The rather abrupt departure of Barry Cockcroft as chief dental officer (CDO) for England and the delay in announcing his successor raises questions in my mind.
Add to this the strong rumour that his successor is not one of the obvious candidates and has no direct experience of working in the NHS and I am bound to ask what NHS England is up to.
There may be a simple explanation in that we are in a pre-election period when ministers (who may be out of office in a few weeks) and the civil service (which includes NHS England) are precluded from making policy decisions or announcing key appointments.
A change of thinking
However, having a devious mind, I am bound to ask whether this appointment, whenever announced, signals a change of thinking at NHS England, in regards to NHS dentistry.
I am prompted to do this by the publication last week of an NHS England paper, describing its approach in 2015/16 to deliver on its plan for the NHS, published last year in the Five Year Forward View.
It is difficult to summarise a long and complex paper, but the essence is to make the NHS cope with a growing and ageing population with complex needs, all within a fixed budget.
Prevention must have a pivotal role in the NHS of the future and care must be integrated across all parts of the system.
NHS dentistry is going to have to prove that it can deliver a prevention based service, working with other parts of the health system and delivering improved oral health.
Dentists, not the Government, will be held responsible for the high level of hospital admissions for the extraction of children’s teeth.
Improved oral health
It will no longer be good enough to say: ‘We have done all the UDAs required; we have done our job.’

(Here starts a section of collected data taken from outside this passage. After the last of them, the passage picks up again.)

Lemma knuth_output_exists U : exists Hs, knuth_output N U Hs.
Proof.
suff [Hs reach term] : exists2 Hs, clos_refl_trans _ (knuth_step N) (knuth_init N U) Hs
                                  & knuth_terminal N Hs by exists Hs.
move: (knuth_init N U) => Hs0.
have [n] := ubnP #|Hs0|; elim: n Hs0 => // n IH Hs0 ltHs0n.
have [/existsP[H /existsP[H' /and4P[HHs H'Hs neqHH' /eqP rkHH']]] | noMerge] :=
  boolP [exists H, exists H',
           [&& H \in Hs0, H' \in Hs0, H != H' & rk N (H :&: H') == mrank N]].
  set Hs1 := (Hs0 :\ H :\ H') :|: [set H :|: H'].
  have step : knuth_step N Hs0 Hs1 by exists H, H'.
  have [|Hs reach term] := IH Hs1; first exact: leq_trans (card_knuth_step step) ltHs0n.
  by exists Hs => //; apply: rt_trans (rt_step _ _ _ _ step) reach.
exists Hs0; first exact: rt_refl.
move=> H H' HHs H'Hs neqHH' rkHH'; case/negP: noMerge.
by apply/existsP; exists H; apply/existsP; exists H'; rewrite HHs H'Hs neqHH' rkHH' eqxx.
Qed.

End KnuthProcedure.

Section ErectionOfTruncation.
Variables (E : finType) (I : {set {set E}}).
Hypothesis matroidI : is_matroid I.
Hypothesis rank_ge2 : 2 <= mrank I.
Implicit Types (Hs U : {set {set E}}) (A B C F X Y : {set E}).

Local Notation r := (mrank I).
Local Notation N := (truncation I (mrank I).-1).

Definition knuth_invariant U Hs : Prop :=
  [/\ forall A, A \in Hs -> rk I A = r.-1,
      forall F e, flat I F -> rk I F = r - 2 -> e \notin F -> covers Hs (e |: F)
    & forall X, X \in U -> covers Hs X].

Lemma knuth_invariant_init U :
  (forall X, X \in U -> rk I X = r.-1) -> knuth_invariant U (knuth_init N U).
Proof.
have hypN F : (F \in hyperplanes N) = flat I F && (rk I F == r - 2).
  by rewrite hyperplanes_truncation ?subn2 ?leq_pred //; lia.
move=> rkU; split.
- move=> A; rewrite !inE => /orP[/rkU // | /existsP[F /andP[]]].
  rewrite hypN => /andP[/eqP clF /eqP rkF] /existsP[e /andP[]].
  rewrite inE => eF /eqP ->; rewrite rk_notin_cl ?clF // rkF; lia.
- move=> F e flatF rkF eF; exists (e |: F) => //.
  rewrite !inE; apply/orP; right; apply/existsP; exists F.
  by rewrite hypN flatF rkF eqxx; apply/existsP; exists e; rewrite inE eF eqxx.
- by move=> X XU; exists X; rewrite ?inE ?XU.
Qed.
Lemma cost_infimum_Gfun a b : vnorm b <= 1 -> cost_infimum a b (Gfun a b).
Proof.
move=> b1.
have [->|a0] := eqVneq a 0; first by rewrite Gfun0l; apply: cost_infimum0l.
have [->|b0] := eqVneq b 0; first by rewrite Gfun0r; apply: cost_infimum0r.
have [nb1|nb1] := eqVneq (vnorm b) 1; first by rewrite Gfun_unit //; apply: cost_infimum_unit.
have {nb1}{}b1 : vnorm b < 1 by rewrite lt_neqAle nb1.
rewrite GfunE //=; set c := _ / _.
have nab0 : 0 < vnorm a * vnorm b by rewrite mulr_gt0 ?vnorm_gt0.
have dc : vdot a b = c * (vnorm a * vnorm b) by rewrite /c mulfVK ?gt_eqF.
have [cb|cb] := ltP (vnorm b) `|c|; last exact: cost_infimum_oblique.
have ndc : `|vdot a b| = `|c| * (vnorm a * vnorm b) by rewrite dc normrM (ger0_norm (ltW nab0)).
have -> : vnorm a * (1 - `|c| * vnorm b) = vnorm a - `|vdot a b| by rewrite ndc; ring.
apply: cost_infimum_aligned => //; rewrite ndc.
have cbp : 0 < `|c| - vnorm b by rewrite subr_gt0.
have := mulr_gt0 nab0 cbp; nra.
Qed.

End Gfun.

Section SeriesSum.
Variable R : realType.
Implicit Types f g : nat -> R.

Lemma sum_oo_ext f g : f =1 g -> sum_oo f = sum_oo g.
Proof. by move=> /funext ->. Qed.

Lemma sum_oo_D f g : cvgn (series f) -> cvgn (series g) ->
  sum_oo (fun i => f i + g i) = sum_oo f + sum_oo g.
Proof. exact: lim_seriesD. Qed.
(* Let $h(x,u)$ be a symmetric ($h(x,u)=h(u,x)$) polynomial of degree at most two in each of $x,u$, with discriminant $h_u^2-2hh_{uu}=r(x)$. Then: - if $r=0$: either $h=\frac1\alpha(x-u)^2$ for a constant $\alpha$ (q0), or $h=(\gamma_0xu+\gamma_1(x+u)+\gamma_2)^2$ for constants $\gamma_i$ (h1); - if $r=1$: either $h=\frac{1}{2\alpha}(x-u)^2-\frac\alpha2$ (q1), or $h=\gamma_0(x+u)^2+\gamma_1(x+u)+\gamma_2$ with $\gamma_1^2-4\gamma_0\gamma_2=1$ (h2); - if $r=x$: $h=\frac{1}{4\alpha}(x-u)^2-\frac\alpha2(x+u)+\frac{\alpha^3}{4}$ (q2); - if $r=x^2$: $h=\gamma_0x^2u^2+\gamma_1xu+\gamma_2$ with $\gamma_1^2-4\gamma_0\gamma_2=1$ (h3), or $h$ is of the form (q3) below with $\delta=0$; - if $r=x^2-\delta^2$: $h=\frac{\alpha}{1-\alpha^2}(x^2+u^2)-\frac{1+\alpha^2}{1-\alpha^2}xu+\delta^2\frac{1-\alpha^2}{4\alpha}$ (q3); - if $r=4x^3-g_2x-g_3$ with $g_2^3-27g_3^2\neq0$: $h=\frac{1}{\sqrt{r(\alpha)}}\Big[\big(xu+\alpha(x+u)+g_2/4\big)^2-(x+u+\alpha)(4\alpha xu-g_3)\Big]$ (q4). In each case $\alpha$ denotes a constant (for which the expression is defined) and $\sqrt{r(\alpha)}$ denotes either square root.
   Context: Subscripts denote partial derivatives; $h_u^2-2hh_{uu}$ is the discriminant of $h$ as a quadratic polynomial in $u$ and is a polynomial in $x$ of degree at most four. *)

From HB Require Import structures.
From mathcomp Require Import all_boot all_order all_algebra.
Set Implicit Arguments. Unset Strict Implicit. Unset Printing Implicit Defensive.
Import Order.TTheory GRing.Theory Num.Theory.
Local Open Scope ring_scope.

Units of Dental Activity (UDAs) mean nothing, they are a measure of activity not of delivering improved oral health.
Dentists will have to work with the rest of primary care, especially GPs, who through their clinical commissioning groups will want a say in how dentistry is commissioned.
Under the Five Year Forward View dentistry can no longer remain in a backwater, churning out UDAs and discussing the best structure of a new contract.
That is why, I believe, NHS England has accepted Barry Cockcroft’s resignation and is appointing a new pair of hands with a fresh view of how NHS dentistry should be delivered.
That does not mean that all dentists will be happy with this.